Foto: Pexels (DR)

É hoje, a partir das 18h30, que a Feira do Livro de Valongo abre portas. Mas esta 29ª edição tem uma grande responsabilidade, uma vez que pretende destacar os 50 anos do 25 de abril e meio milénio do nascimento de Camões, dois acontecimento que fazem parte da jóia da coroa da história de um país, o nosso. Um deles mudou o percurso de Portugal com uma revolução simbolizada por cravos, conseguindo pôr termo a quase meio século de ditadura ao abrir portas à liberdade e à democracia, e, o outro, é o “poeta maior” da língua portuguesa e continua a representar a inquietude dos tempos modernos.

E é com estes dois grandes “capítulos” da História de Portugal que a Feira do Livro de Valongo abre portas hoje, a partir das 18h30, no Parque Urbano de Ermsesinde. O evento termina dia 14.

A oferta é variada, garante a autarquia, e inclui, para além dos tradicionais livreiros, editores e alfarrabistas, apresentações de livros, atividades performativas a partir de obras literárias, espetáculos de teatro, dança e música.

Por exemplo, domingo, às 21h00, há “Cantos de abril – 50 anos depois”, pelas vozes de Daniel Pinto Coelho e Francisco Moreira, seguindo-se, uma hora mais tarde, o teatro com “25 de Abril em Multimédia”, pelo Grupo Casca de Nós & Orfeão, da Associação Académica Social de Ermesinde.

Segunda-feira, a Associação Sociocultural “Os Filhos da Pauta” sobe ao palco da feira com o teatro de marionetas, “A menina do Mar”, de Sophia de Mello Breyner Andresen. À mesma hora é apresentado o livro “O Bosque da Luz”, de Luísa Maria Cabral. À noite, Filipe Bacel dá a conhecer a sua obra ”O Meu Erro Foi Não Saber Amar-te”.
Momentos Mágicos, pela Associação Museu da Magia Portugal, o concerto “Camões – 500 anos: História, Música
e Poesia”, pelos Vox Angelis, assim como uma noite branca e dos bombos, com a assinatura da Junta de Freguesia de Ermesinde, e um espetáculo de narração oral, com a contadora de histórias Mariana Machado, fazem parte da lista de propostas paralelas a uma Feira do Livro que promete encher o Parque Urbano e cujo programa completo pode ser consultado na página da Câmara Municipal de Valongo.

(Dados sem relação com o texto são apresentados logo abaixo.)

(* Let $k\ge 2$, let $H_0$ be a finite $k$-uniform hypergraph and let $(H_t)_{t\ge0}$ be the ILTH hypergraphs generated from $H_0$. The number of hypertriangles in $H_t$ is $\Theta\left(\left((k-1)^3+3(k-1)\right)^t\right)$.
   Context: A $k$-uniform hypergraph has every hyperedge a $k$-element subset of the vertex set. The ILTH process: given $H_t$, form $H_{t+1}$ by adding for each vertex $x\in V(H_t)$ a new vertex $x'$ (its clone), and taking $E(H_{t+1})=E(H_t)\cup\{(e\setminus\{x\})\cup\{x'\} : e\in E(H_t),\ x\in e\}$. A hypertriangle is a 6-tuple $(u,e_1,v,e_2,w,e_3)$ with $u,v,w$ distinct vertices, $e_1,e_2,e_3$ distinct hyperedges, $u,v\in e_1$, $v,w\in e_2$, $w,u\in e_3$. Asymptotics are as $t\to\infty$ with $k$ and $H_0$ fixed. *)

From mathcomp Require Import all_boot.
From Stdlib Require Import Rdefinitions Raxioms RIneq.
Local Open Scope nat_scope.

Set Implicit Arguments.
Unset Strict Implicit.
Unset Printing Implicit Defensive.

Record hgraph := HGraph { hvert : finType ; hedges : {set {set hvert}} }.

Definition uniform (k : nat) (H : hgraph) : Prop :=
  forall e, e \in hedges H -> #|e| = k.

(* One ILTH step.  The vertex set of H_{t+1} is V(H_t) * bool:
   (x, false) is the old vertex x, (x, true) is its clone x'. *)
Definition ilth_edges (T : finType) (E : {set {set T}}) : {set {set (T * bool)%type}} :=
  [set [set (y, false) | y in e] | e : {set T} in E] :|:
  [set [set (y, false) | y in e :\ x] :|: [set (x, true)] | e : {set T} in E, x : T in e].

Definition ilth_step (H : hgraph) : hgraph :=
  @HGraph (hvert H * bool)%type (@ilth_edges (hvert H) (hedges H)).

A fita da Feira do Livro é cortada hoje, às 18h00, e termina à meia-note. De domingo a 13 de julho funciona das 15h00 às 23h00, sendo que no último dia pode ser visitada das 15h00 às 20h00.

Há 50 anos Celeste Caeiro perguntou a um soldado se precisava de alguma coisa, este disse-lhe apenas que queria um cigarro. Mas a mulher, que sofria dos pulmões e nunca fumou, deu-lh um cravo, que o militar colocou no cano da arma e que acabaria por ser o símbolo da revolução.

Meio século depois, e até dia 14, o emblema de Valongo é o livro que pode ser adquirido e oferecido. Será, talvez, uma forma de mostrarmos que, 50 ou 500 anos depois, a liberdade e a genialidade da lingua portuguesa se representam em papel.